EXPECTED_PATH = os.path.join(MODEL_DIR, MODEL_FILENAME)

# Ensure model directory exists
os.makedirs(MODEL_DIR, exist_ok=True)

# Check if model already exists
if os.path.exists(EXPECTED_PATH):
    print(f"Model already exists at: {EXPECTED_PATH}")
    model_path = EXPECTED_PATH
else:
    print("Model not found locally. Downloading Llama 2 model...")
    
    # Download the model
    model_path = hf_hub_download(
        repo_id="TheBloke/Llama-2-7B-Chat-GGUF",
        filename=MODEL_FILENAME,
        local_dir=MODEL_DIR
    )
    print(f"Model downloaded to: {model_path}")

print(f"Using model at: {model_path}")

In [None]:
%pip install -q llama-cpp-python
# Check if the model file exists
if not os.path.exists(model_path):
    raise FileNotFoundError(f"Model file not found at {model_path}")

# Import the Llama class from llama_cpp
from llama_cpp import Llama

# Initialize the model with the local path and GPU acceleration
llm = Llama(
    model_path=EXPECTED_PATH,
    temperature=0.25,
    max_tokens=2000,
    n_ctx=4096,
    top_p=1.0,
    verbose=False,
    n_gpu_layers=30,  # Utilize some available GPU layers
    n_batch=512,      # Optimize batch size for parallel processing
    f16_kv=True,      # Enable half-precision for key/value cache
    use_mlock=True,   # Lock memory to prevent swapping
    use_mmap=True     # Utilize memory mapping for faster loading
)

## 📄 Step 2: Loading, Transcribing, and Storing Audio Data

This step outlines the process for loading audio data (e.g., from an Omi streaming device), transcribing it, and preparing it for storage and further processing. Both the raw audio and its transcription are valuable assets.


In [None]:
# --- Load the Audio File Document ---
# --- Load the Audio File Document and Audio Collection System ---

# Install whisper if not already installed
%pip install -q openai-whisper

# Install ffmpeg-python bindings if not already installed
%pip install -q ffmpeg-python

import shutil
import sys
import subprocess

# Check if ffmpeg is available and working
try:
    subprocess.run(["ffmpeg", "-version"], capture_output=True, check=True)
    print("ffmpeg found and working.")
except FileNotFoundError:
    raise FileNotFoundError("ffmpeg not found. Please install ffmpeg and ensure it's in your PATH.")
except subprocess.CalledProcessError as e:
    print(f"Error running ffmpeg: {{e}}")
    raise RuntimeError("ffmpeg is not working correctly.") from e

import whisper

# No need to manually set ffmpeg_dir if ffmpeg is installed system-wide

# Define the Audio File file path
AUDIO_PATH = "./data/tester.mp3"
# Check if the file exists
print(f"Loading AUDIO from: {AUDIO_PATH}")

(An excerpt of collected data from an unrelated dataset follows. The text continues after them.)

Lemma all_pairs : m != 4 ->
  (exists P j, [/\ P 0 = P m.-1, 0 < cnt m P < m, j < n & S P (single j)]) ->
  forall P Q, S P Q.
Proof.
move=> hm4 /all_singles singles.
have V1 : with_all_firsts (fun j => j < 1).
  apply: (@with_all_firsts_cnt (single 0)) => [P|]; first by apply: singles; lia.
  by apply: cnt_ext => -[|j].
(* The segment [0, k) together with n-1 pulls back along [reset n] to [0, k). *)
have Vsucc k : 0 < k < n -> with_all_firsts (fun j => j < k) -> with_all_firsts (fun j => j < k.+1).
  case/andP=> hk0 hkn Vk; set Xs := fun j => (j < k) || (j == n.-1).
  have hres : agree n (fun j => reset n j < k) Xs.
    move=> j hj; rewrite /Xs /reset.
    by case: (eqVneq j n.-1) => [->|/negbTE h]; rewrite ?eqxx ?orbT ?h ?orbF.
  apply: (@with_all_firsts_cnt Xs); last by rewrite -(cnt_ext hres) cnt_prefix_reset ?hk0 ?cnt_prefix.
  by apply: with_all_firsts_reset Vk => //; rewrite /Xs eqxx orbT hk0.
have V0 : with_all_firsts (fun j => j < 0).
  apply: (@with_all_firsts_reset _ (single n.-1)) => // [j hj|P]; last by apply: singles; lia.
  by rewrite /single /reset ltn0; case: (eqVneq j n.-1) => [_|/negbTE ->]; [apply/eqP; lia|].
have Vall k : k <= n -> with_all_firsts (fun j => j < k).
  elim: k => [|k IH] hk //; case: k IH hk => [|k] IH hk //.
  by apply: Vsucc (IH _); lia.
move=> P Q; apply: (with_all_firsts_cnt (Vall _ (cnt_le n Q))).
by rewrite cnt_prefix ?cnt_le.
Qed.

End TwoDimensional.

Definition L_finals (n : nat) : seq nat := if 4 <= n then [:: 1; 3] else [:: 1].

Definition K_from (m : nat) (w : word) (i : nat) : bool :=
  foldl (U_abc_step m) i (rev w) \in [:: 0; 2].
Definition L_from (n : nat) (w : word) (j : nat) : bool :=
  foldl (U_bac_step n) j (rev w) \in L_finals n.

Lemma K_from_rcons m w x i : K_from m (rcons w x) i = K_from m w (U_abc_step m i x).
Proof. by rewrite /K_from rev_rcons. Qed.

Lemma L_from_rcons n w x j : L_from n (rcons w x) j = L_from n w (U_bac_step n j x).
Proof. by rewrite /L_from rev_rcons. Qed.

# Define the audio collection system
AUDIO_COLLECTION_SYSTEM = "MyAudioSystem"

# Load and transcribe the audio file using whisper
model = whisper.load_model("base")
result = model.transcribe(AUDIO_PATH)
text_content = result["text"]

# For compatibility with the rest of your code, wrap the text in a document-like object
class AudioDocument:
    def __init__(self, text):
        self.page_content = text
        self.metadata = {}  # Optionally add metadata if needed
    def getPageText(self):
        return self.page_content

documents = [AudioDocument(text_content)]

print(f"Successfully loaded {len(documents)} document(s) from the AUDIO.")
# Initialize an empty list for the audio files
audio_files = []

# Iterate through each document
for document in documents:
    # Get the current page's text content
    text_content = document.getPageText()

    # Extract relevant information from the text, e.g., keywords or phrases
    def extractRelevantInfo(text):
        # Placeholder: just return the text itself
        return text
    extracted_info = extractRelevantInfo(text_content)

    # Define a placeholder for createAudioFile
    def createAudioFile(system, info):
        # Placeholder: just return a tuple for demonstration
        return (system, info)

    # Create an audio file based on the extracted information
    audio_file = createAudioFile(AUDIO_COLLECTION_SYSTEM, extracted_info)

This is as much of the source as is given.